MCGIVNEY took him to Guffey's office, and Guffey wasted no time upon preliminaries, but turned to his desk, and took out a long typewritten document, a complete account of what the prosecution meant to prove against the seventeen I. W. Ws. First, Peter told what he himself had seen and heard - not very much, but a beginning, a hook to hang his story upon. The I. W. W. hall was the meeting place for the casual and homeless labor of the country, the "bindle-stiffs" who took the hardest of the world's hard knocks, and sometimes returned them. There was no kind of injustice these fellows hadn't experienced, and now and then they had given blow for blow. Also there were loose talkers among them, who worked off their feelings by threats of vengeance upon their enemies. Now and then a real criminal came along, and now and then a paid inciter, a Peter Gudge or a Joe Angell. Peter told the worst that he had heard, and all he knew about the arrested men, and Guffey wrote it all down, and then proceeded to build upon it. This fellow Alf Guinness had had a row with a farmer in Wheatland County; there had been a barn burned nearby, and Guffey would furnish an automobile and a couple of detectives to travel with Peter, and they would visit the scene of that fire and the nearby village, and familiarize themselves with the locality, and Peter would testify how he had been with Guinness when he and a half dozen of the defendants had set fire to that barn.

     Peter hadn't intended anything quite so serious as that, but Guffey was so business-like, and took it all so much as a matter of course, that Peter was afraid to show the white feather. After all, this was war-time; hundreds of men were giving up their lives every day in the Argonne, and why shouldn't Peter take a little risk in order to put out of business his country's most dangerous enemies?

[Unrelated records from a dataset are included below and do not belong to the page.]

(* Regard spinors as vectors in the 4-dimensional Euclidean space $(\mathrm{Cl}^+(3),(\cdot,\cdot))$ and let $I=e_1e_2e_3$. Then: (i) $\{a_1a_1=1,\ a_1a_2,\ a_1I,\ a_2I\}$ is a set of simple roots of a root system of type $A_2\oplus A_2$ contained in the $H_4$ root system $2I$; (ii) $\{a_1a_1=1,\ a_2a_3,\ a_2I,\ a_3I\}$ is a set of simple roots of a root system of type $H_2\oplus H_2$ contained in $2I$; (iii) $\{a_1a_1,\ a_1a_2,\ a_1a_3a_2a_1a_3a_2a_1a_3,\ a_3a_2a_1a_3a_2a_1a_3a_2a_3a_1a_2a_3\}$ is a set of simple roots of a root system of type $A_4$ contained in $2I$. (A set of simple roots of a given type means its Cartan matrix $A_{ij}=2(\beta_i,\beta_j)/(\beta_i,\beta_i)$ is that of the given type and the root system generated from it by the reflections $s_R(X)=-R\tilde XR$ lies in $2I$.)
   Context: $\mathrm{Cl}(3)$ is the real Clifford algebra of Euclidean $\mathbb{R}^3$ with orthonormal basis $e_1,e_2,e_3$ ($e_i^2=1$, $e_ie_j=-e_je_i$ for $i\neq j$); all products are geometric products. The even subalgebra $\mathrm{Cl}^+(3)$ is spanned by $1,e_2e_3,e_3e_1,e_1e_2$ (spinors). Reversal $\tilde{\ }$ reverses the order of vector factors. The spinor inner product $(R_1,R_2)=\tfrac12(R_1\tilde R_2+R_2\tilde R_1)$ makes $\mathrm{Cl}^+(3)$ a 4D Euclidean space with orthonormal basis $1,e_2e_3,e_3e_1,e_1e_2$; for unit $R$, $s_R(X)=X-2(R,X)R=-R\tilde XR$. Let $\tau=\frac{1+\sqrt5}{2}$. The $H_3$ simple roots are $a_1=e_2$, $a_2=\tfrac12(-\tau e_1-e_2-(\tau-1)e_3)$, $a_3=e_1$. The binary icosahedral group $2I$ is the set of all products of an even number of factors from $\{a_1,a_2,a_3\}$ (order 120); as 120 vectors in the 4D spinor space it is the $H_4$ root system. Cartan matrices: $A_2\oplus A_2$ is block diagonal with two blocks $\begin{pmatrix}2&-1\\-1&2\end{pmatrix}$; $H_2\oplus H_2$ is block diagonal with two blocks $\begin{pmatrix}2&-\tau\\-\tau&2\end{pmatrix}$; $A_4$ is the $4\times4$ tridiagonal matrix with $2$ on the diagonal and $-1$ on the off-diagonals (up to ordering of simple roots). *)

From HB Require Import structures.
From mathcomp Require Import all_boot all_order all_algebra all_fingroup.
Set Implicit Arguments. Unset Strict Implicit. Unset Printing Implicit Defensive.
Import Order.TTheory GRing.Theory Num.Theory.
Local Open Scope ring_scope.

(* The real Clifford algebra Cl(3) of Euclidean R^3 with coefficients in a
   ring R (we use a real closed field R, e.g. the reals). *)
Record cl (R : Type) := Cl {
  cs : R; c1 : R; c2 : R; c3 : R; c23 : R; c31 : R; c12 : R; c123 : R }.

Section Clifford.
Variable R : comNzRingType.

Definition cl_one : cl R := Cl 1 0 0 0 0 0 0 0.
Definition cl_e1 : cl R := Cl 0 1 0 0 0 0 0 0.
Definition cl_e2 : cl R := Cl 0 0 1 0 0 0 0 0.
Definition cl_e3 : cl R := Cl 0 0 0 1 0 0 0 0.
Definition cl_I : cl R := Cl 0 0 0 0 0 0 0 1.

Definition cl_vec (x1 x2 x3 : R) : cl R := Cl 0 x1 x2 x3 0 0 0 0.

Definition cl_opp (x : cl R) : cl R :=
  Cl (- cs x) (- c1 x) (- c2 x) (- c3 x) (- c23 x) (- c31 x) (- c12 x) (- c123 x).

(* Geometric product, from e_i^2 = 1 and e_i e_j = - e_j e_i (i <> j). *)
Definition cl_mul (x y : cl R) : cl R := Cl
  (cs x * cs y + c1 x * c1 y + c2 x * c2 y + c3 x * c3 y
   - c23 x * c23 y - c31 x * c31 y - c12 x * c12 y - c123 x * c123 y)
  (cs x * c1 y + c1 x * cs y - c2 x * c12 y + c3 x * c31 y
   - c23 x * c123 y - c31 x * c3 y + c12 x * c2 y - c123 x * c23 y)
  (cs x * c2 y + c1 x * c12 y + c2 x * cs y - c3 x * c23 y
   + c23 x * c3 y - c31 x * c123 y - c12 x * c1 y - c123 x * c31 y)
  (cs x * c3 y - c1 x * c31 y + c2 x * c23 y + c3 x * cs y
   - c23 x * c2 y + c31 x * c1 y - c12 x * c123 y - c123 x * c12 y)
  (cs x * c23 y + c1 x * c123 y + c2 x * c3 y - c3 x * c2 y
   + c23 x * cs y - c31 x * c12 y + c12 x * c31 y + c123 x * c1 y)
  (cs x * c31 y - c1 x * c3 y + c2 x * c123 y + c3 x * c1 y
   + c23 x * c12 y + c31 x * cs y - c12 x * c23 y + c123 x * c2 y)
  (cs x * c12 y + c1 x * c2 y - c2 x * c1 y + c3 x * c123 y
   - c23 x * c31 y + c31 x * c23 y + c12 x * cs y + c123 x * c3 y)
  (cs x * c123 y + c1 x * c23 y + c2 x * c31 y + c3 x * c12 y
   + c23 x * c1 y + c31 x * c2 y + c12 x * c3 y + c123 x * cs y).

(* Reversal: reverses the order of vector factors; it fixes grades 0,1
   and negates grades 2,3. *)
Definition cl_rev (x : cl R) : cl R :=
  Cl (cs x) (c1 x) (c2 x) (c3 x) (- c23 x) (- c31 x) (- c12 x) (- c123 x).

End Clifford.

Notation "x *c y" := (cl_mul x y) (at level 40, left associativity).

Section Spinors.
Variable R : rcfType.

Definition tau : R := (1 + Num.sqrt 5) / 2.

(* H3 simple roots. *)
Definition a1 : cl R := cl_vec 0 1 0.
Definition a2 : cl R := cl_vec (- tau / 2) (- 1 / 2) (- (tau - 1) / 2).
Definition a3 : cl R := cl_vec 1 0 0.
Definition aH3 (i : 'I_3) : cl R := tnth [tuple a1; a2; a3] i.

(* The binary icosahedral group 2I: all products of an even number of
   factors from {a1, a2, a3} (the empty product being 1). *)
Inductive in2I : cl R -> Prop :=
  | in2I_one : in2I (cl_one R)
  | in2I_step (i j : 'I_3) (x : cl R) : in2I x -> in2I (aH3 i *c aH3 j *c x).

(* Spinor inner product (R1,R2) = 1/2 (R1 ~R2 + R2 ~R1), a scalar: we take
   the scalar (grade 0) coefficient. *)
Definition spinor_ip (x y : cl R) : R :=
  cs (x *c cl_rev y) / 2 + cs (y *c cl_rev x) / 2.

Definition srefl (r x : cl R) : cl R := cl_opp (r *c cl_rev x *c r).

Definition cartan (b : 'I_4 -> cl R) : 'M[R]_4 :=
  \matrix_(i < 4, j < 4) (2 * spinor_ip (b i) (b j) / spinor_ip (b i) (b i)).

Inductive gen_roots (b : 'I_4 -> cl R) : cl R -> Prop :=
  | gen_base (i : 'I_4) : gen_roots b (b i)
  | gen_refl (i : 'I_4) (x : cl R) : gen_roots b x -> gen_roots b (srefl (b i) x).

(* b is a set of simple roots of type with Cartan matrix C (up to ordering
   of the simple roots), generating a root system contained in 2I. *)
Definition simple_system_in_2I (b : 'I_4 -> cl R) (C : 'M[R]_4) : Prop :=
  (exists s : 'S_4, cartan (fun i => b (s i)) = C) /\
  (forall x, gen_roots b x -> in2I x).

Definition four (x0 x1 x2 x3 : cl R) (i : 'I_4) : cl R :=
  tnth [tuple x0; x1; x2; x3] i.

Definition cartan_A2A2 : 'M[R]_4 := \matrix_(i < 4, j < 4)
  (if i == j then 2
   else if [|| (i == 0 :> nat) && (j == 1 :> nat), (i == 1 :> nat) && (j == 0 :> nat),
               (i == 2 :> nat) && (j == 3 :> nat) | (i == 3 :> nat) && (j == 2 :> nat)]
        then -1 else 0).

Definition cartan_H2H2 : 'M[R]_4 := \matrix_(i < 4, j < 4)
  (if i == j then 2
   else if [|| (i == 0 :> nat) && (j == 1 :> nat), (i == 1 :> nat) && (j == 0 :> nat),
               (i == 2 :> nat) && (j == 3 :> nat) | (i == 3 :> nat) && (j == 2 :> nat)]
        then - tau else 0).

Definition cartan_A4 : 'M[R]_4 := \matrix_(i < 4, j < 4)
  (if i == j then 2
   else if (i.+1 == j :> nat) || (j.+1 == i :> nat) then -1 else 0).

End Spinors.

From HB Require Import structures.
From mathcomp Require Import all_boot all_order all_algebra all_fingroup.
From mathcomp Require Import ring.

(* Every spinor involved has coordinates in Q(tau), so all the needed identities
   are decided by exact computation in Q(tau) and transported to R along the
   ring morphism Q(tau) -> R.  For unit spinors the Cartan matrix is just the
   table of doubled inner products 2 (b_i, b_j).  The group 2I is closed under
   products and reversion and contains -1 = (a1 a3)^2, hence under every
   reflection s_r with r in 2I; so the generated root system lies in 2I as soon
   as the simple roots do, which is certified by writing each of them as a
   product of pairs of H3 roots. *)

Set Implicit Arguments. Unset Strict Implicit. Unset Printing Implicit Defensive.
Import Order.TTheory GRing.Theory Num.Theory.
Local Open Scope ring_scope.

Section CliffordRing.
Variable R : comNzRingType.

Lemma cl_mulA : associative (@cl_mul R).
Proof.
by case=> ????????; case=> ????????; case=> ????????; rewrite /cl_mul /=; congr Cl; ring.
Qed.

Lemma cl_mul1r : left_id (cl_one R) (@cl_mul R).
Proof. by case=> ????????; rewrite /cl_mul /=; congr Cl; ring. Qed.

Lemma cl_mulr1 : right_id (cl_one R) (@cl_mul R).
Proof. by case=> ????????; rewrite /cl_mul /=; congr Cl; ring. Qed.

Lemma cl_mulN1r (x : cl R) : cl_opp (cl_one R) *c x = cl_opp x.
Proof. by case: x => ????????; rewrite /cl_mul /cl_opp /=; congr Cl; ring. Qed.

Lemma cl_revM (x y : cl R) : cl_rev (x *c y) = cl_rev y *c cl_rev x.
Proof.
by case: x => ????????; case: y => ????????; rewrite /cl_mul /cl_rev /=; congr Cl; ring.
Qed.

Lemma cl_rev_vec (x1 x2 x3 : R) : cl_rev (cl_vec x1 x2 x3) = cl_vec x1 x2 x3.
Proof. by rewrite /cl_rev /cl_vec /= oppr0. Qed.

(* Twice the spinor inner product, so that no division by 2 is needed. *)
Definition cl_dot2 (x y : cl R) : R := cs (x *c cl_rev y) + cs (y *c cl_rev x).

End CliffordRing.

Definition cl_coords (T : Type) (x : cl T) :=
  (cs x, c1 x, c2 x, c3 x, c23 x, c31 x, c12 x, c123 x).

Definition cl_of_coords (T : Type) (p : T * T * T * T * T * T * T * T) : cl T :=
  let: (a, b, c, d, e, f, g, h) := p in Cl a b c d e f g h.

Lemma cl_coordsK (T : Type) : cancel (@cl_coords T) (@cl_of_coords T).
Proof. by case. Qed.

HB.instance Definition _ (T : eqType) :=
  Equality.copy (cl T) (can_type (@cl_coordsK T)).

Definition map_cl (T U : Type) (f : T -> U) (x : cl T) : cl U :=
  Cl (f (cs x)) (f (c1 x)) (f (c2 x)) (f (c3 x))
     (f (c23 x)) (f (c31 x)) (f (c12 x)) (f (c123 x)).

Section MapClifford.
Variables (R S : comNzRingType) (f : {rmorphism R -> S}).

Lemma map_clM (x y : cl R) : map_cl f (x *c y) = map_cl f x *c map_cl f y.
Proof. by rewrite /map_cl /cl_mul /= !(rmorphB, rmorphD, rmorphM). Qed.

Lemma map_cl_rev (x : cl R) : map_cl f (cl_rev x) = cl_rev (map_cl f x).
Proof. by rewrite /map_cl /cl_rev /= !rmorphN. Qed.

Lemma map_clN (x : cl R) : map_cl f (cl_opp x) = cl_opp (map_cl f x).
Proof. by rewrite /map_cl /cl_opp /= !rmorphN. Qed.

     So Peter and his two detectives blew themselves to a joy ride in the country. And then Peter was brought back and made comfortable in a room on the twelfth floor of the Hotel de Soto, where he diligently studied the typewritten documents which McGivney brought him, and thoroughly learned the story he was to tell. There was always one of Guffey's men walking up and down in the hallway outside with a gun on his hip, and they brought Peter three meals a day, not forgetting a bottle of beer and a package of cigarettes. Twice a day Peter read in the newspapers about the heroic deeds of our boys over there, and also about the latest bomb plots which had been discovered all over the country, and about various trials under the espionage act.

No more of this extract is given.